╭──
Definition asympt_bohr_ap {R : realType} {n : nat} {Y : normedModType R[i]}
  (I : set 'rV[R]_n) (f : 'rV[R]_n -> Y) : Prop :=
  exists G Q : 'rV[R]_n -> Y,
    bohr_ap I G /\ {within I, continuous Q} /\
    (forall e : R, 0 < e -> exists M : R, forall t, I t -> M <= enorm t ->
        `|Q t| <= (e%:C)%C) /\
    (forall t, I t -> f t = G t + Q t).

From mathcomp Require Import all_boot all_order all_algebra.
From mathcomp Require Import all_classical all_reals all_analysis.
From mathcomp Require Import complex.
From mathcomp Require Import zify lra.
Import Order.TTheory GRing.Theory Num.Theory.
Import numFieldNormedType.Exports.
Local Open Scope classical_set_scope.
Local Open Scope ring_scope.
Local Open Scope complex_scope.

(* Fix B and a sequence (b_k) in I.  Condition (a) and asymptotic almost
   periodicity make every translate F(. + b_k) uniformly close on I x B to a
   translate F(. + s_k) whose shift s_k lies in a fixed compact box;
   Bolzano-Weierstrass and uniform continuity then make the translates
   uniformly Cauchy along a subsequence, up to any prescribed error, and a
   diagonal extraction yields a uniformly convergent subsequence.
   For the second claim, condition (b) provides asymptotic almost periods c_m
   of F(., x) of quality 1/(m+1) with |c_m| >= m.  The uniform limit G of the
   translates F(. + c_m, x) along a subsequence is uniformly continuous and
   Bohr almost periodic, and F(., x) - G vanishes at infinity because
   F(t + c_m, x) is close to F(t, x) for large t.  This works for every x,
   not only when X = {0}. *)

Section RealNorm.
Context {R : realType} {Y : normedModType R[i]}.
Implicit Types (a b c d : Y) (e : R).
(* Let $0<\varepsilon\le 0.1$, let $\Box$ be a closed axis-parallel square of side length $\varepsilon$ with center $o$, let $R\subseteq\Box$ be a nonempty circular domain, let $\Lambda\ge 10$ be an integer, and let $\gamma_1,\dots,\gamma_\Lambda$ be a $\Lambda$-decomposition of $\partial(R\oplus D)$ with division points $p_1,\dots,p_\Lambda$. Set $\varepsilon'=7(\tfrac1\Lambda+\varepsilon)$. Then for every $i\in[\Lambda]$, $\gamma_i$ is $\vec v$-monotone for every $\vec v\in\mathbb{S}^1$ with $\varepsilon'\le\mathsf{ang}(\overrightarrow{op_i},\vec v)\le\pi-\varepsilon'$ or $\pi+\varepsilon'\le\mathsf{ang}(\overrightarrow{op_i},\vec v)\le2\pi-\varepsilon'$.
   Context: A circular arc is a connected portion of a circle (segments included); a circular domain is a closed subset of $\mathbb{R}^2$ whose boundary consists of finitely many circular arcs intersecting only at endpoints. $D$ is the closed unit disk at the origin, $\oplus$ is Minkowski sum. Every ray from $o$ meets $\partial(R\oplus D)$ in exactly one point. For nonzero vectors $\vec u,\vec v$, $\mathsf{ang}(\vec u,\vec v)\in[0,2\pi)$ is the clockwise ordered angle from $\vec u$ to $\vec v$. A $\Lambda$-decomposition of $\partial(R\oplus D)$: shoot $\Lambda$ rays from $o$ dividing the full angle around $o$ into $\Lambda$ angles of size $2\pi/\Lambda$; they meet $\partial(R\oplus D)$ at points $p_1,\dots,p_\Lambda$ with $\mathsf{ang}(\overrightarrow{op_{i-1}},\overrightarrow{op_i})=2\pi/\Lambda$ (indices mod $\Lambda$, $p_0=p_\Lambda$); $\gamma_i$ is the portion of $\partial(R\oplus D)$ between $p_{i-1}$ and $p_i$ (the one containing no other $p_j$). A curve $\gamma$ is $\vec v$-monotone if there is a homeomorphism $f:[0,1]\to\gamma$ with $\langle\vec v,f(a)\rangle<\langle\vec v,f(b)\rangle$ whenever $a<b$. *)

From Stdlib Require Import Reals Lra List.
Open Scope R_scope.
Lemma pair_unpair n : pair (fst (unpair n)) (snd (unpair n)) = n.
Proof.
  induction n as [|m IH]; [reflexivity|].
  simpl. destruct (unpair m) as [[|a'] b]; simpl in *.
  - rewrite <- pair_succ_next_diag. congruence.
  - rewrite <- pair_succ_diag. congruence.
Qed.

Lemma pair_inj a b c d : pair a b = pair c d -> a = c /\ b = d.
Proof.
  intros H. pose proof (unpair_pair a b) as E.
  rewrite H, unpair_pair in E. injection E; auto.
Qed.

Lemma fst_unpair_le n : fst (unpair n) <= n.
Proof. rewrite <- (pair_unpair n) at 2. pose proof (pair_ge (fst (unpair n)) (snd (unpair n))). lia. Qed.

Lemma snd_unpair_le n : snd (unpair n) <= n.
Proof. rewrite <- (pair_unpair n) at 2. pose proof (pair_ge (fst (unpair n)) (snd (unpair n))). lia. Qed.

Ltac unpair_simpl := repeat (first [rewrite fst_unpair | rewrite snd_unpair]).
Ltac unpair_simpl_in H := repeat (first [rewrite fst_unpair in H | rewrite snd_unpair in H]).

(* The Goedel numbering: [decode] is inverted by an explicit [encode], and
   every number is either a basic code or [5 + 4 * <a, b> + d] with d < 4. *)

Lemma decode_aux_step f m : decode_aux (S f) (5 + m) =
  match m mod 4 with
  | 0 => CPair (decode_aux f (fst (unpair (m / 4)))) (decode_aux f (snd (unpair (m / 4))))
  | 1 => CComp (decode_aux f (fst (unpair (m / 4)))) (decode_aux f (snd (unpair (m / 4))))
  | 2 => CRec (decode_aux f (fst (unpair (m / 4)))) (decode_aux f (snd (unpair (m / 4))))
  | _ => CMu (decode_aux f (fst (unpair (m / 4))))
  end.
Proof. cbn - [Nat.div Nat.modulo]. rewrite Nat.sub_0_r. reflexivity. Qed.

Lemma decode_aux_stable f1 : forall f2 n, n < f1 -> n < f2 -> decode_aux f1 n = decode_aux f2 n.
Proof.
  induction f1 as [|f1 IH]; intros f2 n H1 H2; [lia|].
  destruct f2 as [|f2]; [lia|].
  destruct n as [|[|[|[|[|n']]]]]; try reflexivity.
  change (S (S (S (S (S n'))))) with (5 + n').
  rewrite !decode_aux_step.
  assert (n' / 4 <= n') by (apply Nat.Div0.div_le_upper_bound; lia).
  pose proof (fst_unpair_le (n' / 4)). pose proof (snd_unpair_le (n' / 4)).
  rewrite (IH f2 (fst (unpair (n' / 4)))), (IH f2 (snd (unpair (n' / 4)))) by lia.
  reflexivity.
Qed.

Lemma decode_compound a b d : d < 4 ->
  decode (5 + 4 * pair a b + d) =
  match d with
  | 0 => CPair (decode a) (decode b)
  | 1 => CComp (decode a) (decode b)
  | 2 => CRec (decode a) (decode b)
  | _ => CMu (decode a)
  end.
Proof.
  intros Hd. unfold decode. pose proof (pair_ge a b).
  replace (5 + 4 * pair a b + d) with (5 + (4 * pair a b + d)) by lia.
  rewrite decode_aux_step.
  assert (Hq : (4 * pair a b + d) / 4 = pair a b).
  { rewrite Nat.mul_comm, Nat.div_add_l by lia. rewrite Nat.div_small by lia. lia. }
  assert (Hr : (4 * pair a b + d) mod 4 = d).
  { rewrite Nat.add_comm, Nat.mul_comm, Nat.Div0.mod_add. apply Nat.mod_small; lia. }
  rewrite Hq, Hr, unpair_pair. cbn [fst snd].
  rewrite (decode_aux_stable _ (S a) a), (decode_aux_stable _ (S b) b) by lia.
  destruct d as [|[|[|[|]]]]; try reflexivity; lia.
Qed.

Fixpoint encode (c : code) : nat :=
  match c with
  | CZero => 0 | CSucc => 1 | CId => 2 | CFst => 3 | CSnd => 4
  | CPair f g => 5 + 4 * pair (encode f) (encode g) + 0
  | CComp f g => 5 + 4 * pair (encode f) (encode g) + 1
  | CRec f g => 5 + 4 * pair (encode f) (encode g) + 2
  | CMu f => 5 + 4 * pair (encode f) 0 + 3
  end.
(* Fix $\theta,\varphi\in\mathbb{R}$ and $v\in(0,1)$, and for $\varphi_1,\varphi_3\in\mathbb{R}$, $v_2\in[0,1)$ let $$g(\varphi_1,v_2,\varphi_3)=vv_2e^{i(\varphi-\varphi_1+\theta)}+vv_2e^{i(\theta-\varphi+\varphi_3)}+v^2e^{i(\varphi_3-\theta-\varphi_1)}.$$ Then for every $v_2$ with $v\le v_2<1$, the set $\{g(\varphi_1,v_2,\varphi_3):\varphi_1,\varphi_3\in\mathbb{R}\}\subset\mathbb{C}$ is simply connected (it has no holes). *)

(* The complex plane C is modelled as R * R
   (real part, imaginary part) with the product topology, over an
   arbitrary R : realType. *)
From HB Require Import structures.
From mathcomp Require Import all_boot all_order all_algebra.
From mathcomp Require Import all_classical all_reals all_analysis.
Set Implicit Arguments. Unset Strict Implicit. Unset Printing Implicit Defensive.
Import Order.TTheory GRing.Theory Num.Theory.
Import numFieldNormedType.Exports.
Local Open Scope classical_set_scope.
Local Open Scope ring_scope.

Definition cplx (R : realType) := (R * R)%type.

Definition cexpi (R : realType) (a : R) : cplx R := (cos a, sin a).

Definition cscale (R : realType) (c : R) (z : cplx R) : cplx R := (c * z.1, c * z.2).

Definition cadd (R : realType) (z w : cplx R) : cplx R := (z.1 + w.1, z.2 + w.2).

Definition gmap (R : realType) (theta phi v : R) (phi1 v2 phi3 : R) : cplx R :=
  cadd (cadd (cscale (v * v2) (cexpi (phi - phi1 + theta)))
             (cscale (v * v2) (cexpi (theta - phi + phi3))))
       (cscale (v ^+ 2) (cexpi (phi3 - theta - phi1))).

Definition path_connected_set (R : realType) (T : topologicalType) (A : set T) : Prop :=
  A !=set0 /\
  forall x y, A x -> A y ->
    exists gam : R -> T,
      [/\ {within `[0, 1]%classic, continuous gam},
          gam 0 = x, gam 1 = y & gam @` `[0, 1]%classic `<=` A].

Definition loops_contractible (R : realType) (T : topologicalType) (A : set T) : Prop :=
  forall gam : R -> T,
    {within `[0, 1]%classic, continuous gam} -> gam 0 = gam 1 ->
    gam @` `[0, 1]%classic `<=` A ->
    exists H : R * R -> T,
      [/\ {within `[0, 1]%classic `*` `[0, 1]%classic, continuous H},
          (forall s, 0 <= s <= 1 -> H (s, 0) = gam s /\ H (s, 1) = gam 0),
          (forall t, 0 <= t <= 1 -> H (0, t) = gam 0 /\ H (1, t) = gam 0)
        & H @` (`[0, 1]%classic `*` `[0, 1]%classic) `<=` A].

Definition simply_connected_set (R : realType) (T : topologicalType) (A : set T) : Prop :=
  path_connected_set R A /\ loops_contractible R A.

(* Put [b] and [d] for the half-sum and half-difference of the first two phases (shifted by
   [3 theta]) and [u = e^{ib}]: then [g = e^{3 i theta} (2 v v2 cos d u + v^2 u^2)], so the set
   is a rotated union of limacons [k u^2 + c u], [|c| <= W], with [k = v^2] and [W = 2 v v2].
   This union is exactly the region [(|h|^2 - k^2)^2 <= W^2 |k + h|^2].  When [2 k <= W]
   (i.e. [v <= v2]) the region is star-shaped about [0]: the closed disc of radius [k] lies
   in it, and outside that disc the ratio [(|h|^2 - k^2)^2 / |k + h|^2] increases along rays.
   A set star-shaped about [0] is simply connected by an explicit contraction of loops. *)

From Pilot Require Import Defs.
From HB Require Import structures.
From mathcomp Require Import all_boot all_order all_algebra.
From mathcomp Require Import all_classical all_reals all_analysis.
From mathcomp Require Import ring lra.
Set Implicit Arguments. Unset Strict Implicit. Unset Printing Implicit Defensive.
Import Order.TTheory GRing.Theory Num.Theory.
Import numFieldNormedType.Exports.
Local Open Scope classical_set_scope.
Local Open Scope ring_scope.

Local Notation cscale := Defs.cscale.
Local Notation cadd := Defs.cadd.

Section StarShaped.
Variable R : realType.
Implicit Types (A : set (cplx R)) (z w : cplx R) (a b c s t : R).

Lemma cscale1 z : cscale 1 z = z.
Proof. by case: z => x y; rewrite /cscale !mul1r. Qed.

Lemma cadd_scale0r z w : cadd z (cscale 0 w) = z.
Proof. by case: z => x y; rewrite /cadd /cscale /= !mul0r !addr0. Qed.

Lemma cadd_scale0l z w : cadd (cscale 0 w) z = z.
Proof. by case: z => x y; rewrite /cadd /cscale /= !mul0r !add0r. Qed.

Lemma cscaleDl a b z : cadd (cscale a z) (cscale b z) = cscale (a + b) z.
Proof. by rewrite /cadd /cscale /= !mulrDl. Qed.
╰──
What the task requires
Using the records above, copy word for word the line with "Lemma fst_unpair_le n : fst (unpair n) <= n.", the line with "(* The Goedel", and every line between them.

Task result
Lemma fst_unpair_le n : fst (unpair n) <= n.
Proof. rewrite <- (pair_unpair n) at 2. pose proof (pair_ge (fst (unpair n)) (snd (unpair n))). lia. Qed.

Lemma snd_unpair_le n : snd (unpair n) <= n.
Proof. rewrite <- (pair_unpair n) at 2. pose proof (pair_ge (fst (unpair n)) (snd (unpair n))). lia. Qed.

Ltac unpair_simpl := repeat (first [rewrite fst_unpair | rewrite snd_unpair]).
Ltac unpair_simpl_in H := repeat (first [rewrite fst_unpair in H | rewrite snd_unpair in H]).

(* The Goedel numbering: [decode] is inverted by an explicit [encode], and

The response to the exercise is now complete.